| What to produce |
Wherever the word "cotR" occurs in the lines below, copy the whole line.

Stored items from a collection:
(* Let $n$ be an odd positive integer and $p=\frac{n-1}{2}$. The $\mathrm{SU}(\frac{n+1}{2})\times\mathrm{SU}(\frac{n+1}{2})$-equivariant spectra of the harmonic maps $\psi_1$ and $\psi_{-1}$ are both equal to $\{\lambda_j=4j(j+n+2): j\in\mathbb Z_{\ge0}\}$.
   Context: $\mathbb{CP}^n$ carries the Fubini–Study metric (the metric making $\mathbb S^{2n+1}\to\mathbb{CP}^n$ a Riemannian submersion). $G=\mathrm{SU}(p+1)\times\mathrm{SU}(n-p)$ acts by $(A,B)\cdot[Z]=[\operatorname{diag}(A,B)Z]$; with $\gamma(t)=[\cos t\,e_1+\sin t\,e_{p+2}]$ every point is $g\cdot\gamma(t)$, $g\in G$, $t\in[0,\pi/2]$. For $\rho\ne0$ let $r_\rho(t)=\arctan(\rho\tan t)$ on $[0,\pi/2)$, $r_\rho(\pi/2)=\operatorname{sign}(\rho)\pi/2$, and $\psi_\rho(g\cdot\gamma(t))=g\cdot\gamma(r_\rho(t))$ (so $\psi_1=\mathrm{id}$ and $r_{-1}(t)=-t$). The equivariant spectrum of $\psi_\rho$ is the set of $\lambda\in\mathbb R$ for which \[ \ddot\xi+\big[(2n-2p-1)\cot t-(2p+1)\tan t\big]\dot\xi-\Big[2(n-p-1)\frac{\cos 2r_\rho(t)}{\sin^2t}-2p\frac{\cos2r_\rho(t)}{\cos^2t}+4\frac{\cos4r_\rho(t)}{\sin^22t}\Big]\xi+\lambda\xi=0 \] has a nonzero solution $\xi\in C^\infty_0([0,\tfrac\pi2])$ (smooth, vanishing at $0$ and $\pi/2$). *)

From Stdlib Require Import Reals.
From Coquelicot Require Import Coquelicot.
Open Scope R_scope.

Definition sgnR (x : R) : R :=
  if Rlt_dec 0 x then 1 else if Rlt_dec x 0 then -1 else 0.

Definition r_rho (rho t : R) : R :=
  if Rlt_dec t (PI / 2) then atan (rho * tan t) else sgnR rho * (PI / 2).

Definition cotR (t : R) : R := cos t / sin t.

(* smooth function on R (restriction gives a smooth function on [0,pi/2];
   every smooth function on [0,pi/2] has such an extension) *)
Definition smooth (f : R -> R) : Prop := forall k x, ex_derive_n f k x.

Definition jacobi_op (n p : nat) (rho lam : R) (xi : R -> R) (t : R) : R :=
  Derive_n xi 2 t
  + ((2 * INR n - 2 * INR p - 1) * cotR t - (2 * INR p + 1) * tan t) * Derive_n xi 1 t
  - (2 * (INR n - INR p - 1) * cos (2 * r_rho rho t) / (sin t) ^ 2
     - 2 * INR p * cos (2 * r_rho rho t) / (cos t) ^ 2
     + 4 * cos (4 * r_rho rho t) / (sin (2 * t)) ^ 2) * xi t
  + lam * xi t.

(* lam is in the equivariant spectrum of psi_rho iff the ODE has a nonzero
   solution xi in C^infty_0([0,pi/2]); the ODE is imposed on (0,pi/2),
   where its coefficients are defined. *)
Definition equivariant_spectrum (n p : nat) (rho : R) (lam : R) : Prop :=
  exists xi : R -> R,
    smooth xi /\ xi 0 = 0 /\ xi (PI / 2) = 0 /\
    (exists t, 0 <= t <= PI / 2 /\ xi t <> 0) /\
    (forall t, 0 < t < PI / 2 -> jacobi_op n p rho lam xi t = 0).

| Answer section |
Definition cotR (t : R) : R := cos t / sin t.
  + ((2 * INR n - 2 * INR p - 1) * cotR t - (2 * INR p + 1) * tan t) * Derive_n xi 1 t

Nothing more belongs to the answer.